Data records START

Theorem lemma4p3 (R : realType) (n : nat) (L : 'M[R]_n) (X : 'I_n -> 'rV[R]_n) :
  L \in unitmx ->
  (forall i, inLat L (X i)) ->
  row_free (\matrix_(i < n) X i) ->
  forall A : {set 'I_n},
  exists (m : {set 'I_n} -> nat) (s : seq 'rV[R]_n),
    [/\ (forall B, m_index L X B (m B)),
        uniq s,
        (forall p, p \in s <-> (inLat L p /\ internal X A p)) &
        (size s)%:Z = \sum_(B : {set 'I_n} | B \subset A)
                        (-1) ^+ (#|A| - #|B|) * (m B)%:Z].
Proof.
move=> L_unit X_lat X_free A.
have [s [s_uniq s_mem]] := lattice_Zono_finite L_unit X_free.
exists (fun B => count (halfopen_face X B) s), (filter (open_face X A) s); split.
- exact: m_index_count.
- exact: filter_uniq.
- exact: mem_filter_open_face.
- by rewrite size_filter count_open_face_incl_excl.
Qed.
(* Let $G=(V,E)$ be a finite simple graph. If the graphic matroid of $G$ has a rainbow circuit-free coloring in which each color is used at most twice, then $G$ is $(2,3)$-sparse.
   Context: The graphic matroid of $G$ has ground set $E$, independent sets being the edge sets of forests; its circuits are the edge sets of cycles. A coloring of $E$ is a partition into nonempty color classes; it is rainbow circuit-free if no cycle of $G$ has all its edges of pairwise different colors. $G$ is $(2,3)$-sparse if $|E[X]|\leq 2|X|-3$ for every $X\subseteq V$ with $|X|\geq 2$, where $E[X]$ is the set of edges with both endpoints in $X$. *)

From mathcomp Require Import all_boot.
Set Implicit Arguments. Unset Strict Implicit. Unset Printing Implicit Defensive.

Definition simple_graph (V : finType) (adj : rel V) :=
  symmetric adj /\ irreflexive adj.

Definition edges (V : finType) (adj : rel V) : {set {set V}} :=
  [set e : {set V} | [exists x, exists y, adj x y && (e == [set x; y])]].

Definition induced_edges (V : finType) (adj : rel V) (X : {set V}) :
  {set {set V}} := [set e in edges adj | e \subset X].

Definition sparse23 (V : finType) (adj : rel V) :=
  forall X : {set V}, 2 <= #|X| -> #|induced_edges adj X| <= 2 * #|X| - 3.

Definition is_cycle (V : finType) (adj : rel V) (s : seq V) :=
  [&& uniq s, 3 <= size s & cycle adj s].

Definition cycle_edges (V : finType) (s : seq V) : {set {set V}} :=
  [set:: [seq [set p.1; p.2] | p <- zip s (rot 1 s)]].

(* Circuits of the graphic matroid: edge sets of cycles. *)
Definition circuit (V : finType) (adj : rel V) (C : {set {set V}}) :=
  exists s, is_cycle adj s /\ C = cycle_edges s.

(* A coloring of E is a partition P of E into nonempty classes
   (finset's [partition P E] requires set0 \notin P).  The color of e is
   its block pblock P e. *)
Definition coloring (V : finType) (adj : rel V) (P : {set {set {set V}}}) :=
  partition P (edges adj).

Definition rainbow (V : finType) (P : {set {set {set V}}}) (C : {set {set V}}) :=
  forall e f, e \in C -> f \in C -> e != f -> pblock P e != pblock P f.

Definition rainbow_circuit_free (V : finType) (adj : rel V)
  (P : {set {set {set V}}}) :=
  forall C, circuit adj C -> ~ rainbow P C.

From mathcomp Require Import all_boot zify.
Set Implicit Arguments. Unset Strict Implicit. Unset Printing Implicit Defensive.

(* Suppose some X with |X| >= 2 spans at least 2|X| - 2 edges.  A nonempty set
   of edges inside Y with at least |Y| edges contains a cycle (peel off
   vertices of degree <= 1, then a maximal path closes up), so a rainbow edge
   set inside Y has fewer than |Y| edges.  One edge per colour of E[X] is
   rainbow, hence there are at most |X| - 1 colours on E[X]; since a colour
   is used at most twice, there are exactly |X| - 1 of them, each used twice
   inside X.  Every v in X then lies on both edges of some colour: otherwise
   one edge per colour avoiding v is a rainbow set of |X| - 1 edges on X - v.
   Two distinct edges share at most one vertex, so this assigns distinct
   colours to distinct vertices, and |X| <= |X| - 1. *)

Lemma last_take_nth (T : Type) (x : T) (q : seq T) j :
  j < size q -> last x (take j.+1 q) = nth x q j.
Proof.
elim: q x j => [|y q IHq] x [|j] //= ltj; first by rewrite take0.
by rewrite IHq // (set_nth_default x).
Qed.

Lemma sub_is_cycle (T : finType) (r r' : rel T) c :
  subrel r r' -> is_cycle r c -> is_cycle r' c.
Proof. by move=> rr' /and3P[uc sc /(sub_cycle rr') cc]; rewrite /is_cycle uc sc cc. Qed.

Lemma mem_zip_path (T : eqType) (r : rel T) x q a b :
  path r x q -> (a, b) \in zip (x :: q) q -> r a b.
Proof.
elim: q x => [|y q IHq] x //= /andP[rxy pq].
by rewrite inE => /orP[/eqP[-> ->] // | /IHq]; apply.
Qed.

Lemma zip_cons_rcons (T : Type) x (p : seq T) y :
  zip (x :: p) (rcons p y) = zip (x :: rcons p y) (rcons p y).
Proof. by elim: p x => [|a p IHp] x //=; rewrite IHp. Qed.

Section Cycles.

Variables (V : finType) (r : rel V).
Hypotheses (r_sym : symmetric r) (r_irr : irreflexive r).

Lemma chord_cycle z a q w :
  uniq [:: z, a & q] -> path r z (a :: q) -> r z w -> w \in q ->
  exists c, is_cycle r c.
Proof.
move=> uq /= /andP[rza pq] rzw wq; set j := index w q.
have ltj : j < size q by rewrite index_mem.
exists (take j.+3 [:: z, a & q]); rewrite /is_cycle take_uniq //=.
rewrite size_take /= !ltnS rza rcons_path take_path //= last_take_nth //.
by rewrite nth_index // r_sym rzw andbT; case: ifP => // _; apply: leq_ltn_trans ltj.
Qed.

Hypothesis r_deg2 : forall x y, r x y -> 1 < #|[set w | r y w]|.

(* Grow the path at its head z: a neighbour of z other than a either lies on
   the path, closing a cycle, or extends the path. *)
Lemma path_cycle z a q :
  uniq [:: z, a & q] -> path r z (a :: q) -> exists c, is_cycle r c.
Proof.
have [n] := ubnP (#|V| - size q); elim: n z a q => // n IHn z a q lt_n uq pq.
have rza : r z a by case/andP: pq.
have [w1 [w2 []]] := card_gt1P (r_deg2 (etrans (r_sym a z) rza)).
rewrite !inE => rzw1 rzw2 w12.
have [w [rzw wa]] : exists w, r z w /\ w != a.
  by case: (eqVneq w1 a) => [eq1a|]; [exists w2; rewrite -eq1a eq_sym | exists w1].
have wz : w != z by apply: contraTneq rzw => ->; rewrite r_irr.
case: (boolP (w \in q)) => [wq | wNq]; first exact: chord_cycle uq pq rzw wq.
have uwq : uniq [:: w, z, a & q] by rewrite cons_uniq uq !inE !negb_or wz wa wNq.
have sizeq : (size q).+3 <= #|V| by rewrite -[X in X <= _](card_uniqP uwq) max_card.
apply: (IHn w z (a :: q) _ uwq); last by rewrite /= r_sym rzw.
rewrite [size _]/= subnS prednK // subn_gt0; exact: ltnW (ltnW sizeq).
Qed.

Lemma min_degree2_cycle x y : r x y -> exists c, is_cycle r c.
Proof.
move=> rxy; apply: (@path_cycle x y [::]); rewrite /= ?rxy //.
by rewrite inE andbT; apply: contraTneq rxy => ->; rewrite r_irr.
Qed.

End Cycles.
Section TwoSets.

Variable V : finType.
Implicit Types (Y : {set V}) (F : {set {set V}}).

Definition edge_rel F : rel V := fun x y => [set x; y] \in F.

Lemma edge_rel_sym F : symmetric (edge_rel F).
Proof. by move=> x y; rewrite /edge_rel setUC. Qed.

Lemma edge_rel_irr F : (forall e, e \in F -> #|e| = 2) -> irreflexive (edge_rel F).
Proof. by move=> F2 x; apply/negP => /F2; rewrite setUid cards1. Qed.

Lemma cycle_edges_sub F c : cycle (edge_rel F) c -> {subset cycle_edges c <= F}.
Proof.
case: c => [|x p]; first by move=> _ e; rewrite inE.
rewrite /cycle_edges rot1_cons zip_cons_rcons => cyc e.
by rewrite inE => /mapP[[a b] /(mem_zip_path cyc) + ->].
Qed.

Lemma set2_mem (e : {set V}) y :
  #|e| = 2 -> y \in e -> exists2 w, w != y & e = [set y; w].
Proof.
move/eqP/cards2P=> [a [b [ab ->]]]; rewrite !inE => /orP[] /eqP->.
  by exists b; rewrite // eq_sym.
by exists a; rewrite // setUC.
Qed.

Lemma card_edges_avoiding F y : (forall e, e \in F -> #|e| = 2) ->
  #|F| <= #|[set e in F | y \notin e]| + #|[set w | edge_rel F y w]|.
Proof.
move=> F2; rewrite -(cardsID [set e : {set V} | y \in e] F) addnC leq_add //.
  by apply/subset_leq_card/subsetP=> e; rewrite !inE andbC.
apply: leq_trans (leq_imset_card (fun w => [set y; w]) _).
apply/subset_leq_card/subsetP=> e /setIP[eF]; rewrite inE => ye.
have [w _ ew] := set2_mem (F2 e eF) ye.
by apply/imsetP; exists w; rewrite // inE /edge_rel -ew.
Qed.

Lemma dense_family_cycle Y F :
  (forall e, e \in F -> #|e| = 2) -> (forall e, e \in F -> e \subset Y) ->
  0 < #|F| -> #|Y| <= #|F| -> exists c, is_cycle (edge_rel F) c.
Proof.
have [n] := ubnP #|Y|; elim: n Y F => // n IHn Y F ltYn F2 FY.
move=> /card_gt0P[e0 e0F] leYF.
have Y2 : 2 <= #|Y| by rewrite -(F2 e0 e0F) subset_leq_card ?FY.
case: (boolP [exists y in Y, #|[set w | edge_rel F y w]| <= 1]).
  case/exists_inP=> y yY deg_y; set F' := [set e in F | y \notin e].
  have F'F : subrel (edge_rel F') (edge_rel F).
    by move=> a b; rewrite /edge_rel inE => /andP[].
  have := card_edges_avoiding y F2; rewrite -/F' => leFF'.
  have cardY : #|Y| = #|Y :\ y|.+1 by rewrite (cardsD1 y Y) yY.
  have [c cF'] : exists c, is_cycle (edge_rel F') c.
    apply: (IHn (Y :\ y)) => [|e /setIdP[/F2] //|e /setIdP[/FY eY yNe]||].
    - by rewrite -ltnS -cardY.
    - by rewrite subsetD1 eY.
    - by lia.
    - by lia.
  by exists c; apply: sub_is_cycle cF'.
move/exists_inPn => deg2.
have /cards2P[x [z [xz e0E]]] : #|e0| == 2 by rewrite F2.
apply: (min_degree2_cycle (edge_rel_sym F) (edge_rel_irr F2) _ (x := x) (y := z)).
  move=> a b /FY /subsetP /(_ b); rewrite !inE eqxx orbT => /(_ isT) /deg2.
  by rewrite ltnNge.
by rewrite /edge_rel -e0E.
Qed.

End TwoSets.

Section SimpleGraph.

Variables (V : finType) (adj : rel V).
Hypothesis adj_simple : simple_graph adj.
Implicit Types (Y : {set V}) (F : {set {set V}}).

Lemma edge_card e : e \in edges adj -> #|e| = 2.
Proof.
case: adj_simple => _ irr; rewrite inE => /existsP[x /existsP[y /andP[axy /eqP->]]].
by rewrite cards2; case: eqP axy => [->|//]; rewrite irr.
Qed.

Lemma edge_eq_set2 e v w :
  e \in edges adj -> v \in e -> w \in e -> v != w -> e = [set v; w].
Proof.
move=> eE ve we vw; apply/esym/eqP; rewrite eqEcard edge_card // cards2 vw.
by rewrite andbT; apply/subsetP => z; rewrite !inE => /orP[] /eqP->.
Qed.

Lemma edge_adj x y : [set x; y] \in edges adj -> adj x y.
Proof.
case: adj_simple => sym _ xyE.
have xy : x != y by apply/eqP => exy; move: (edge_card xyE); rewrite exy setUid cards1.
move: xyE; rewrite inE => /existsP[a /existsP[b /andP[aab /eqP xyab]]].
have : x \in [set a; b] by rewrite -xyab set21.
have : y \in [set a; b] by rewrite -xyab set22.
by rewrite !inE => /orP[] /eqP ey /orP[] /eqP ex; move: xy; rewrite ex ey ?eqxx // sym.
Qed.

Lemma card_edgeI_le1 e f :
  e \in edges adj -> f \in edges adj -> e != f -> #|e :&: f| <= 1.
Proof.
move=> eE fE ef; rewrite leqNgt; apply: contra ef.
case/card_gt1P=> v [w [/setIP[ve vf] /setIP[we wf] vw]].
by apply/eqP; rewrite (edge_eq_set2 eE ve we vw) (edge_eq_set2 fE vf wf vw).
Qed.

Lemma dense_edges_circuit F Y :
  {subset F <= edges adj} -> (forall e, e \in F -> e \subset Y) ->
  0 < #|F| -> #|Y| <= #|F| -> exists2 C, circuit adj C & C \subset F.
Proof.
move=> FE FY F0 YF.
have [c cF] := dense_family_cycle (fun e eF => edge_card (FE e eF)) FY F0 YF.
exists (cycle_edges c); last by apply/subsetP/cycle_edges_sub; case/and3P: cF.
by exists c; split=> //; apply: sub_is_cycle cF => x y /FE /edge_adj.
Qed.

Section Coloring.

Variable P : {set {set {set V}}}.
Hypotheses (P_coloring : coloring adj P) (P_rcfree : rainbow_circuit_free adj P).
Hypothesis P_le2 : forall B, B \in P -> #|B| <= 2.

Lemma rainbow_edges_lt F Y :
  {subset F <= edges adj} -> (forall e, e \in F -> e \subset Y) ->
  {in F &, injective (pblock P)} -> 0 < #|Y| -> #|F| < #|Y|.
Proof.
move=> FE FY inj Y0; rewrite ltnNge; apply/negP => YF.
have [C circC CF] := dense_edges_circuit FE FY (leq_trans Y0 YF) YF.
apply: (P_rcfree circC) => e f eC fC; apply: contra => /eqP.
by move/subsetP: CF => CF /inj -> //; apply: CF.
Qed.

Lemma card_colors_lt (K : {set {set {set V}}}) Y :
  (forall B, B \in K -> exists2 e, e \in edges adj & pblock P e = B /\ e \subset Y) ->
  0 < #|Y| -> #|K| < #|Y|.
Proof.
move=> Ksec Y0.
have /fin_all_exists[t tK] : forall B, exists e, B \in K ->
    [/\ e \in edges adj, pblock P e = B & e \subset Y].
  move=> B; case: (boolP (B \in K)) => [/Ksec[e eE [eB eY]] | _].
    by exists e.
  by exists set0.
have tinj : {in K &, injective t}.
  by move=> B B' /tK[_ eB _] /tK[_ eB' _] tBB'; rewrite -eB -eB' tBB'.
rewrite -(card_in_imset tinj); apply: rainbow_edges_lt => //.
- by move=> _ /imsetP[B /tK[] + _ _ ->].
- by move=> _ /imsetP[B /tK[] _ _ + ->].
by move=> _ _ /imsetP[B /tK[_ eB _] ->] /imsetP[B' /tK[_ eB' _] ->]; rewrite eB eB' => ->.
Qed.

Definition color_class F B := [set e in F | pblock P e == B].

Lemma card_color_classes F :
  #|F| = \sum_(B in pblock P @: F) #|color_class F B|.
Proof.
rewrite -sum1_card (partition_big_imset (pblock P)).
by apply: eq_bigr => B _; rewrite sum1dep_card.
Qed.

Lemma card_color_class_le2 F B : {subset F <= edges adj} -> #|color_class F B| <= 2.
Proof.
move=> FE; have [->|[e]] := set_0Vmem (color_class F B); first by rewrite cards0.
have coverP : cover P = edges adj by case/and3P: P_coloring => /eqP.
rewrite inE => /andP[/FE eE /eqP <-].
have ePP : pblock P e \in P by apply: pblock_mem; rewrite coverP.
apply: leq_trans (P_le2 ePP).
apply/subset_leq_card/subsetP => f; rewrite inE => /andP[/FE fE /eqP <-].
by rewrite mem_pblock coverP.
Qed.

Section DenseSubgraph.

Variable X : {set V}.
Let EX := induced_edges adj X.
Let KX := pblock P @: EX.
Hypotheses (X2 : 2 <= #|X|) (X_dense : 2 * #|X| - 3 < #|EX|).

Let EX_edges : {subset EX <= edges adj}.
Proof. by move=> e /setIdP[]. Qed.

Lemma card_induced_colors_lt : #|KX| < #|X|.
Proof.
apply: card_colors_lt => [_ /imsetP[e /setIdP[eE eX] ->]|]; first by exists e.
exact: ltnW X2.
Qed.

Let card_induced_edges_leif :
  #|EX| <= #|KX| * 2 ?= iff [forall B in KX, #|color_class EX B| == 2].
Proof.
rewrite (card_color_classes EX) -sum_nat_const.
exact: leqif_sum (fun B _ => leqif_eq (card_color_class_le2 B EX_edges)).
Qed.

Lemma card_induced_edges : #|EX| = #|KX| * 2.
Proof.
by have [le_EX _] := card_induced_edges_leif; have := card_induced_colors_lt; lia.
Qed.

Lemma card_induced_colors : #|KX| = #|X|.-1.
Proof. by have := card_induced_colors_lt; have := card_induced_edges; lia. Qed.

Lemma card_induced_color_class B : B \in KX -> #|color_class EX B| = 2.
Proof.
have [_] := card_induced_edges_leif; rewrite card_induced_edges eqxx.
by move=> /esym/forall_inP class2 /class2/eqP.
Qed.

Lemma card_color_class_common_le1 B :
  B \in KX -> #|\bigcap_(e in color_class EX B) e| <= 1.
Proof.
move=> BK; have /card_gt1P[e [f [eB fB ef]]] : 1 < #|color_class EX B|.
  by rewrite card_induced_color_class.
have edgeB g : g \in color_class EX B -> g \in edges adj by case/setIdP=> /EX_edges.
apply: leq_trans (card_edgeI_le1 (edgeB e eB) (edgeB f fB) ef).
by apply/subset_leq_card/subsetP=> v /bigcapP vB; rewrite inE !vB.
Qed.

Lemma vertex_on_color_class v :
  v \in X -> exists2 B, B \in KX & v \in \bigcap_(e in color_class EX B) e.
Proof.
move=> vX; case: (boolP [exists B in KX, v \in \bigcap_(e in color_class EX B) e]).
  by case/exists_inP=> B; exists B.
move/exists_inPn=> noB.
have : #|KX| < #|X :\ v|.
  apply: card_colors_lt => [B BK|]; last by move: X2; rewrite (cardsD1 v X) vX.
  have /forall_inPn[e] : ~~ [forall e in color_class EX B, v \in e].
    by apply: contra (noB B BK) => /forall_inP vB; apply/bigcapP.
  by case/setIdP=> /setIdP[eE eX] /eqP eB vNe; exists e; rewrite // subsetD1 eX.
by rewrite card_induced_colors (cardsD1 v X) vX add1n ltnn.
Qed.

End DenseSubgraph.

Lemma coloring_sparse23 : sparse23 adj.
Proof.
move=> X X2; rewrite leqNgt; apply/negP => X_dense.
set KX := pblock P @: induced_edges adj X.
have /fin_all_exists[b bP] : forall v, exists B, v \in X ->
    B \in KX /\ v \in \bigcap_(e in color_class (induced_edges adj X) B) e.
  move=> v; case: (boolP (v \in X)) => [/(vertex_on_color_class X2 X_dense)[B] | _].
    by exists B.
  by exists set0.
have binj : {in X &, injective b}.
  move=> v w /bP[BK vB] /bP[_]; rewrite -/KX => + bvw; rewrite -bvw => wB.
  exact: card_le1_eqP (card_color_class_common_le1 X2 X_dense BK) _ _ wB vB.
have := card_induced_colors_lt X2; rewrite -/KX ltnNge => /negP; apply.
rewrite -(card_in_imset binj); apply/subset_leq_card/subsetP.
by move=> _ /imsetP[v /bP[BK _] ->].
Qed.

End Coloring.

End SimpleGraph.

Theorem theorem9 (V : finType) (adj : rel V) :
  simple_graph adj ->
  (exists P : {set {set {set V}}},
      [/\ coloring adj P, rainbow_circuit_free adj P &
          forall B, B \in P -> #|B| <= 2]) ->
  sparse23 adj.
Proof.
move=> adj_simple [P [P_coloring P_rcfree P_le2]].
exact: (coloring_sparse23 adj_simple P_coloring P_rcfree P_le2).
Qed.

Data records END

Task objective
Could you output, exactly and with nothing else, the lines from the start of the records through the line containing "(forall p, p"?

Result for this task
Theorem lemma4p3 (R : realType) (n : nat) (L : 'M[R]_n) (X : 'I_n -> 'rV[R]_n) :
  L \in unitmx ->
  (forall i, inLat L (X i)) ->
  row_free (\matrix_(i < n) X i) ->
  forall A : {set 'I_n},
  exists (m : {set 'I_n} -> nat) (s : seq 'rV[R]_n),
    [/\ (forall B, m_index L X B (m B)),
        uniq s,
        (forall p, p \in s <-> (inLat L p /\ internal X A p)) &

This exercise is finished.